What the exercise asks: Using the line that has "Variables (h : 'I_n -> R -> R) (gam tau : R)." as the starting point, print each line to the end of the material below word for word. Add no other lines.

↓

Lemma proxR_conjR_three_point h gam tau u : convex_fun h -> smooth_with gam^-1 h ->
  0 < gam -> 0 < tau ->
  let p := proxR (fun v => (tau%:E * conjR h v)%E) u in
  (conjR h p < +oo)%E /\
  forall z, (conjR h z < +oo)%E ->
    tau * fine (conjR h p) + (p - u) ^+ 2 / 2 + (1 + gam * tau) / 2 * (z - p) ^+ 2
    <= tau * fine (conjR h z) + (z - u) ^+ 2 / 2.
Proof.
move=> cvx sh gam0 tau0 p.
(* p = h'(c) for the c solving h'(c) + tau c = u, and c is a subgradient of conjR h at p. *)
have [c uE] : exists c, derive1 h c + tau * c = u.
  by apply: derive1_add_scale_surjective cvx _ sh tau0; rewrite invr_gt0.
rewrite -{}uE in p *.
set q := derive1 h c; have conj_q := conjR_derive1 h c cvx sh.1; rewrite -/q in conj_q.
have three_point z : ((tau * (q * c - h c) + (q - (q + tau * c)) ^+ 2 / 2
      + (1 + gam * tau) / 2 * (z - q) ^+ 2)%:E
    <= tau%:E * conjR h z + ((z - (q + tau * c)) ^+ 2 / 2)%:E)%E.
  apply: le_trans (_ : ((tau * (z * c - h c + gam / 2 * (z - q) ^+ 2)
                        + (z - (q + tau * c)) ^+ 2 / 2)%:E <= _)%E).
    by rewrite lee_fin; nra.
  by rewrite EFinD leeD2r // EFinM lee_pmul2l ?lte_fin // conjR_ge_quadratic.
have pq : p = q.
  apply: (proxR_unique _ _ _ (tau * (q * c - h c)) ((1 + gam * tau) / 2)).
  - by rewrite divr_gt0 // addr_gt0 // mulr_gt0.
  - by rewrite conj_q.
  by move=> z; rewrite conj_q -EFinM -!EFinD.
rewrite pq conj_q ltry; split=> // z zoo.
by have := three_point z; rewrite -(conjR_fineK _ _ zoo) -EFinM -EFinD lee_fin.
Qed.
End SmoothConvex.

Section Fstar.
Context {R : realType} {n : nat} {f : 'I_n -> R -> R}.

Lemma fstar_fin {v : 'cV[R]_n} : (forall j, conjR (f j) (v j ord0) < +oo)%E ->
  fstar f v = (n%:R^-1 * \sum_j fine (conjR (f j) (v j ord0)))%:E.
Proof.
move=> fin; rewrite /fstar EFinM -sumEFin; congr (_ * _)%E.
by apply: eq_bigr => j _; rewrite conjR_fineK.
Qed.

Lemma fstar_pinfty {v : 'cV[R]_n} {j} : conjR (f j) (v j ord0) = +oo%E -> fstar f v = +oo%E.
Proof.
move=> vj; rewrite /fstar; have -> : (\sum_(i < n) conjR (f i) (v i ord0))%E = +oo%E.
  apply/esum_eqyP => [i _|]; first by rewrite gt_eqF ?conjR_gtNy.
  by exists j; rewrite mem_index_enum.
by rewrite gt0_muley // lte_fin invr_gt0 ltr0n (leq_ltn_trans _ (ltn_ord j)).
Qed.

End Fstar.

(* Shifting the t-th index by j is a bijection of the fiber, so the t-th index is uniform on it. *)
Lemma sum_fiber_next_index (R : realType) (n T t : nat) (w : Omega n T) (F : 'I_n -> R) :
  (0 < n)%N -> (t <= T)%N ->
  \sum_(w' in fiber t w) F (w' (inord t)) = #|fiber t w|%:R / n%:R * \sum_i F i.
Proof.
case: n w F => // n' w F _ tT; set t0 : 'I_T.+1 := inord t.
have t0E : nat_of_ord t0 = t by rewrite /t0 inordK // ltnS.
pose shift j (w' : Omega n'.+1 T) : Omega n'.+1 T :=
  [ffun k => if k == t0 then w' k + j else w' k].
have shiftK j : cancel (shift j) (shift (- j)).
  by move=> w1; apply/ffunP => k; rewrite !ffunE; case: eqP => // _; rewrite addrK.
have shift_fiber j w' : (shift j w' \in fiber t w) = (w' \in fiber t w).
  rewrite !inE; apply: eq_forallb => k; rewrite ffunE.
  by case: ifP => // /eqP ->; rewrite t0E ltnn.
have sum_shift j : \sum_(w' in fiber t w) F (w' t0 + j) = \sum_(w' in fiber t w) F (w' t0).
  rewrite [RHS](reindex_inj (can_inj (shiftK j))) /=.
  by apply: eq_big => w'; [rewrite shift_fiber | rewrite ffunE eqxx].
have double_count : (\sum_(w' in fiber t w) F (w' t0)) * n'.+1%:R =
    #|fiber t w|%:R * \sum_i F i.
  transitivity (\sum_(j < n'.+1) \sum_(w' in fiber t w) F (w' t0 + j)).
    by rewrite (eq_bigr _ (fun j _ => sum_shift j)) sumr_const card_ord mulr_natr.
  rewrite exchange_big /= mulr_natl -sumr_const; apply: eq_bigr => w' _.
  by rewrite [in RHS](reindex_inj (addrI (w' t0))).
apply: (@mulIf _ n'.+1%:R); first by rewrite pnatr_eq0.
by rewrite double_count mulrAC divfK // pnatr_eq0.
Qed.

Section Fiber.
Context {R : realType} {n T t : nat} {w : Omega n T}.
Hypotheses (n_gt0 : (0 < n)%N) (t_le_T : (t <= T)%N).

Lemma fiber_self : w \in fiber t w.
Proof. by rewrite inE; apply/forallP => k; apply/implyP. Qed.

Lemma fiber_card_gt0 : (0 < #|fiber t w|)%N.
Proof. by apply/card_gt0P; exists w; exact: fiber_self. Qed.

Lemma condE_next_index (Z : Omega n T -> R) (F : 'I_n -> R) :
  {in fiber t w, forall w', Z w' = F (w' (inord t))} ->
  condE t Z w = n%:R^-1 * \sum_i F i.
Proof.
move=> ZF; rewrite /condE (eq_bigr _ ZF) sum_fiber_next_index //.
have m_neq0 : #|fiber t w|%:R != 0 :> R by rewrite pnatr_eq0 -lt0n fiber_card_gt0.
have n_neq0 : n%:R != 0 :> R by rewrite pnatr_eq0 -lt0n.
by field; rewrite m_neq0 n_neq0.
Qed.

Lemma condEe_next_index (Z : Omega n T -> \bar R) (F : 'I_n -> R) :
  {in fiber t w, forall w', Z w' = (F (w' (inord t)))%:E} ->
  condEe t Z w = (n%:R^-1 * \sum_i F i)%:E.
Proof.
move=> ZF; rewrite /condEe (eq_bigr _ ZF) sumEFin -EFinM mulrC.
by rewrite -(@condE_next_index (fun w' => F (w' (inord t))) F).
Qed.

Lemma condEe_Ny (Z : Omega n T -> \bar R) :
  {in fiber t w, forall w', Z w' = -oo%E} -> condEe t Z w = -oo%E.
Proof.
move=> ZNy; rewrite /condEe (eq_bigr _ ZNy) (bigD1 w) ?fiber_self //= addNye.
by rewrite muleC gt0_mulNye ?lte_fin ?invr_gt0 ?ltr0n ?fiber_card_gt0.
Qed.

End Fiber.

Section ColSet.
Context {R : realType} {n : nat}.
Implicit Types (v y u : 'cV[R]_n) (i : 'I_n) (a k : R).

Definition col_set v i a : 'cV[R]_n := \col_j (if j == i then a else v j 0).

Lemma sum_col_set (F : 'I_n -> R -> R) v i a :
  \sum_j F j (col_set v i a j 0) = \sum_j F j (v j 0) - F i (v i 0) + F i a.
Proof.
rewrite (bigD1 i) // [in RHS](bigD1 i) //= !mxE eqxx.
rewrite (eq_bigr (fun j => F j (v j 0))); first by ring.
by move=> j /negbTE ji; rewrite mxE ji.
Qed.

Lemma dotv_col_set v y u i a k :
  dotv (v + k *: (col_set v i a - v) - y) u = dotv (v - y) u + k * (a - v i 0) * u i 0.
Proof.
have := sum_col_set (fun j z => (v j 0 + k * (z - v j 0) - y j 0) * u j 0) v i a.
move: (col_set v i a) => c /= sum_c; rewrite /dotv.
under eq_bigr do rewrite !mxE; rewrite sum_c.
under eq_bigr do rewrite subrr mulr0 addr0.
under [in RHS]eq_bigr do rewrite !mxE.
by ring.
Qed.

Lemma sqn_col_set v y i a :
  sqn (col_set v i a - y) = sqn (v - y) - (v i 0 - y i 0) ^+ 2 + (a - y i 0) ^+ 2.
Proof.
have := sum_col_set (fun j z => (z - y j 0) * (z - y j 0)) v i a.
move: (col_set v i a) => c /= sum_c; rewrite /sqn /dotv.
under eq_bigr do rewrite !mxE; rewrite sum_c.
by under [in RHS]eq_bigr do rewrite !mxE.
Qed.

Lemma sqn_col_set_sub v i a : sqn (col_set v i a - v) = (a - v i 0) ^+ 2.
Proof.
rewrite sqn_col_set !subrr expr0n /= subr0 /sqn /dotv big1 ?add0r // => j _.
by rewrite mxE mul0r.
Qed.

End ColSet.

Section DualStep.
Context {R : realType} {n : nat}.
Variables (h : 'I_n -> R -> R) (gam tau : R).
Variables (v u y : 'cV[R]_n) (p : 'I_n -> R).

↑

Exercise answer:
Variables (h : 'I_n -> R -> R) (gam tau : R).
Variables (v u y : 'cV[R]_n) (p : 'I_n -> R).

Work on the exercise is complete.